Problem details. Where the records below reach the line containing "(X Y Z : 'rV[R]_d)", start transcribing, and end with the line containing "Implicit Types (u v x : 'rV[R]_d)", exactly and with nothing else added.

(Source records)
(* Let $(N,\langle\cdot,\cdot\rangle)$ be a 2-step nilpotent Lie group with a left-invariant Riemannian metric whose Lie algebra $\mathfrak n$ is either non-singular or almost non-singular. Then every left-invariant skew-symmetric $(1,1)$-tensor $F$ on $N$ of type II whose associated 2-form $\omega=\langle F\cdot,\cdot\rangle$ is closed and which is parallel ($\nabla F=0$, $\nabla$ the Levi-Civita connection) is identically zero.
   Context: A real Lie algebra is 2-step nilpotent if $[[U,V],W]=0$ for all $U,V,W$. Let $\mathfrak z$ be the center, $\mathfrak v=\mathfrak z^\perp$, and for $Z\in\mathfrak z$ define $j_Z:\mathfrak v\to\mathfrak v$ by $\langle j_ZV,W\rangle=\langle Z,[V,W]\rangle$. $\mathfrak n$ is non-singular if $j_Z$ is invertible for every nonzero $Z\in\mathfrak z$; it is almost non-singular if there exist $Z,\tilde Z\in\mathfrak z$ with $j_Z$ invertible and $j_{\tilde Z}$ singular. $F$ (identified with a skew-symmetric endomorphism of $\mathfrak n$) is of type II if $F(\mathfrak v)\subseteq\mathfrak z$ and $F(\mathfrak z)\subseteq\mathfrak v$. Closedness of a left-invariant 2-form means $\omega([U,V],W)+\omega([V,W],U)+\omega([W,U],V)=0$ for all $U,V,W\in\mathfrak n$. *)

From mathcomp Require Import all_boot all_algebra.
From mathcomp Require Export reals.
Set Implicit Arguments. Unset Strict Implicit. Unset Printing Implicit Defensive.
Import GRing.Theory Num.Theory.
Local Open Scope ring_scope.

(* A metric Lie algebra (n, <.,.>) of dimension d is modelled, up to isometry,
   as 'rV[R]_d with the standard inner product and a Lie bracket br. *)

Definition ip {R : realType} {d : nat} (u v : 'rV[R]_d) : R := (u *m v^T) 0 0.

Definition is_lie_bracket {R : realType} {d : nat}
  (br : 'rV[R]_d -> 'rV[R]_d -> 'rV[R]_d) : Prop :=
  (forall (a : R) u v w, br (a *: u + v) w = a *: br u w + br v w) /\
  (forall u v, br u v = - br v u) /\
  (forall u v w, br u (br v w) + br v (br w u) + br w (br u v) = 0).

Definition two_step {R : realType} {d : nat} (br : 'rV[R]_d -> 'rV[R]_d -> 'rV[R]_d) :=
  forall u v w, br (br u v) w = 0.

Definition center {R : realType} {d : nat} (br : 'rV[R]_d -> 'rV[R]_d -> 'rV[R]_d)
  (z : 'rV[R]_d) : Prop := forall u, br z u = 0.

Definition vpart {R : realType} {d : nat} (br : 'rV[R]_d -> 'rV[R]_d -> 'rV[R]_d)
  (x : 'rV[R]_d) : Prop := forall z, center br z -> ip x z = 0.

Definition is_j {R : realType} {d : nat} (br : 'rV[R]_d -> 'rV[R]_d -> 'rV[R]_d)
  (j : 'rV[R]_d -> 'rV[R]_d -> 'rV[R]_d) : Prop :=
  forall Z V, center br Z -> vpart br V ->
    vpart br (j Z V) /\ (forall W, vpart br W -> ip (j Z V) W = ip Z (br V W)).

Definition invertible_on {R : realType} {d : nat} (P : 'rV[R]_d -> Prop)
  (f : 'rV[R]_d -> 'rV[R]_d) : Prop :=
  (forall x, P x -> P (f x)) /\
  (forall x y, P x -> P y -> f x = f y -> x = y) /\
  (forall y, P y -> exists2 x, P x & f x = y).

Definition nonsingular {R : realType} {d : nat} (br : 'rV[R]_d -> 'rV[R]_d -> 'rV[R]_d)
  (j : 'rV[R]_d -> 'rV[R]_d -> 'rV[R]_d) : Prop :=
  forall Z, center br Z -> Z <> 0 -> invertible_on (vpart br) (j Z).

Definition almost_nonsingular {R : realType} {d : nat}
  (br : 'rV[R]_d -> 'rV[R]_d -> 'rV[R]_d) (j : 'rV[R]_d -> 'rV[R]_d -> 'rV[R]_d) : Prop :=
  (exists Z, center br Z /\ invertible_on (vpart br) (j Z)) /\
  (exists Z', center br Z' /\ ~ invertible_on (vpart br) (j Z')).

(* endomorphisms act on row vectors on the right: F(u) = u *m F *)
Definition skew_sym {R : realType} {d : nat} (F : 'M[R]_d) : Prop :=
  forall u v, ip (u *m F) v = - ip u (v *m F).

Definition typeII {R : realType} {d : nat} (br : 'rV[R]_d -> 'rV[R]_d -> 'rV[R]_d)
  (F : 'M[R]_d) : Prop :=
  (forall V, vpart br V -> center br (V *m F)) /\
  (forall Z, center br Z -> vpart br (Z *m F)).

Definition omega {R : realType} {d : nat} (F : 'M[R]_d) (u v : 'rV[R]_d) : R :=
  ip (u *m F) v.

Definition closed_form {R : realType} {d : nat} (br : 'rV[R]_d -> 'rV[R]_d -> 'rV[R]_d)
  (F : 'M[R]_d) : Prop :=
  forall U V W, omega F (br U V) W + omega F (br V W) U + omega F (br W U) V = 0.

(* Koszul formula for left-invariant fields: koszul X Y Z = <nabla_X Y, Z> *)
Definition koszul {R : realType} {d : nat} (br : 'rV[R]_d -> 'rV[R]_d -> 'rV[R]_d)
  (X Y Z : 'rV[R]_d) : R :=
  (ip (br X Y) Z - ip (br Y Z) X + ip (br Z X) Y) / 2%:R.

(* nabla F = 0 : <nabla_X (F Y), Z> = <F (nabla_X Y), Z> = <nabla_X Y, F^* Z>,
   where the adjoint F^* of u |-> u *m F is u |-> u *m F^T *)
Definition parallel {R : realType} {d : nat} (br : 'rV[R]_d -> 'rV[R]_d -> 'rV[R]_d)
  (F : 'M[R]_d) : Prop :=
  forall X Y Z, koszul br X (Y *m F) Z = koszul br X Y (Z *m F^T).

From mathcomp Require Import all_boot all_algebra.
From mathcomp Require Import reals.
Set Implicit Arguments. Unset Strict Implicit. Unset Printing Implicit Defensive.
Import GRing.Theory Num.Theory.
Local Open Scope ring_scope.

(* With a central first argument Z the Koszul formula reduces to
   <nabla_Z A, B> = -<[A, B], Z>/2, so parallelism gives
   <[Y F, W], Z> = <[Y, W F^*], Z>, which vanishes when W is central.
   Parallelism along any X, applied to a central Z and to W = [X, Z F]
   (central since n is 2-step), then yields |[X, Z F]|^2 = 0: F maps the
   center z into itself. Type II sends z into v = z^perp, so F vanishes on z;
   by skew-symmetry F then takes values in v, so F^2 takes values in
   z ∩ v = 0, and a skew-symmetric F with F^2 = 0 is zero. *)

Section InnerProduct.
Variables (R : realType) (d : nat).
Implicit Types (u v x : 'rV[R]_d) (F : 'M[R]_d).

Lemma ipC u v : ip u v = ip v u.
Proof. by rewrite /ip -[u *m v^T]trmxK trmx_mul trmxK mxE. Qed.

Lemma ipNl u v : ip (- u) v = - ip u v.
Proof. by rewrite /ip mulNmx mxE. Qed.

Lemma ip0l v : ip 0 v = 0.
Proof. by rewrite /ip mul0mx mxE. Qed.

Lemma ip0r u : ip u 0 = 0.
Proof. by rewrite ipC ip0l. Qed.

Lemma ip_self_eq0 x : ip x x = 0 -> x = 0.
Proof.
rewrite /ip mxE => xx0; apply/rowP => k; rewrite mxE.
have sq0 : \sum_(i < d) x 0 i ^+ 2 = 0.
  by rewrite -[RHS]xx0; apply: eq_bigr => i _; rewrite mxE.
by apply/eqP; rewrite -sqrf_eq0; apply/eqP/(psumr_eq0P _ sq0) => // i _; rewrite sqr_ge0.
Qed.

Lemma skew_sym_sqr_eq0 F : skew_sym F -> F *m F = 0 -> F = 0.
Proof.
move=> skewF FF0; apply/row_matrixP => i; rewrite row0 rowE.
by apply: ip_self_eq0; rewrite skewF -mulmxA FF0 mulmx0 ip0r oppr0.
Qed.

End InnerProduct.

Section ParallelTwoStep.
Variables (R : realType) (d : nat) (br : 'rV[R]_d -> 'rV[R]_d -> 'rV[R]_d).
Hypothesis brN : forall u v, br u v = - br v u.
Hypothesis br2 : two_step br.
Implicit Types (u v x X Y Z W A B : 'rV[R]_d).

Lemma br_center_r u Z : center br Z -> br u Z = 0.
Proof. by move=> cZ; rewrite brN cZ oppr0. Qed.

Lemma vpart_center_eq0 x : vpart br x -> center br x -> x = 0.
Proof. by move=> vx cx; apply: ip_self_eq0; apply: vx. Qed.

Let half_inj (a b : R) : a / 2%:R = b / 2%:R -> a = b.
Proof. by apply: mulIf; rewrite invr_eq0 pnatr_eq0. Qed.

Lemma koszul_center Z A B :
  center br Z -> koszul br Z A B = - ip (br A B) Z / 2%:R.
Proof. by move=> cZ; rewrite /koszul cZ (br_center_r _ cZ) !ip0l sub0r addr0. Qed.

Variable F : 'M[R]_d.
Hypothesis parF : parallel br F.

Lemma parallel_br_center Y W Z :
  center br W -> center br Z -> ip (br Y (W *m F^T)) Z = 0.
Proof.
move=> cW cZ; have := parF Z Y W; rewrite !koszul_center //.
by move=> /half_inj /oppr_inj; rewrite br_center_r // ip0l.
Qed.

Lemma parallel_center_mulF Z : center br Z -> center br (Z *m F).
Proof.
move=> cZ X; rewrite brN; set W := br X (Z *m F).
suff -> : W = 0 by rewrite oppr0.
have cW : center br W by move=> u; apply: br2.
have := parF X Z W; rewrite /koszul.
rewrite (br_center_r _ cW) cW (br_center_r _ cZ) cZ (brN (W *m F^T)) ipNl.
rewrite parallel_br_center //.
by rewrite !ip0l !subr0 !addr0 => /half_inj /ip_self_eq0.
Qed.

End ParallelTwoStep.

Theorem mainTheorem6 (R : realType) (d : nat)
  (br : 'rV[R]_d -> 'rV[R]_d -> 'rV[R]_d) (j : 'rV[R]_d -> 'rV[R]_d -> 'rV[R]_d)
  (F : 'M[R]_d) :
  is_lie_bracket br -> two_step br -> is_j br j ->
  (nonsingular br j \/ almost_nonsingular br j) ->
  skew_sym F -> typeII br F -> closed_form br F -> parallel br F ->
  F = 0.
Proof.
move=> [_ [brN _]] br2 _ _ skewF [FvZ FzV] _ parF.
have Fz0 Z : center br Z -> Z *m F = 0.
  move=> cZ; apply: (vpart_center_eq0 (FzV _ cZ)).
  exact: parallel_center_mulF.
have Fv u : vpart br (u *m F).
  by move=> Z cZ; rewrite skewF Fz0 // ip0r oppr0.
apply: skew_sym_sqr_eq0 => //; apply/row_matrixP => i.
by rewrite row0 rowE mulmxA; apply: vpart_center_eq0 (Fv _) (FvZ _ (Fv _)).
Qed.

Reply.
  (X Y Z : 'rV[R]_d) : R :=
  (ip (br X Y) Z - ip (br Y Z) X + ip (br Z X) Y) / 2%:R.

(* nabla F = 0 : <nabla_X (F Y), Z> = <F (nabla_X Y), Z> = <nabla_X Y, F^* Z>,
   where the adjoint F^* of u |-> u *m F is u |-> u *m F^T *)
Definition parallel {R : realType} {d : nat} (br : 'rV[R]_d -> 'rV[R]_d -> 'rV[R]_d)
  (F : 'M[R]_d) : Prop :=
  forall X Y Z, koszul br X (Y *m F) Z = koszul br X Y (Z *m F^T).

From mathcomp Require Import all_boot all_algebra.
From mathcomp Require Import reals.
Set Implicit Arguments. Unset Strict Implicit. Unset Printing Implicit Defensive.
Import GRing.Theory Num.Theory.
Local Open Scope ring_scope.

(* With a central first argument Z the Koszul formula reduces to
   <nabla_Z A, B> = -<[A, B], Z>/2, so parallelism gives
   <[Y F, W], Z> = <[Y, W F^*], Z>, which vanishes when W is central.
   Parallelism along any X, applied to a central Z and to W = [X, Z F]
   (central since n is 2-step), then yields |[X, Z F]|^2 = 0: F maps the
   center z into itself. Type II sends z into v = z^perp, so F vanishes on z;
   by skew-symmetry F then takes values in v, so F^2 takes values in
   z ∩ v = 0, and a skew-symmetric F with F^2 = 0 is zero. *)

Section InnerProduct.
Variables (R : realType) (d : nat).
Implicit Types (u v x : 'rV[R]_d) (F : 'M[R]_d).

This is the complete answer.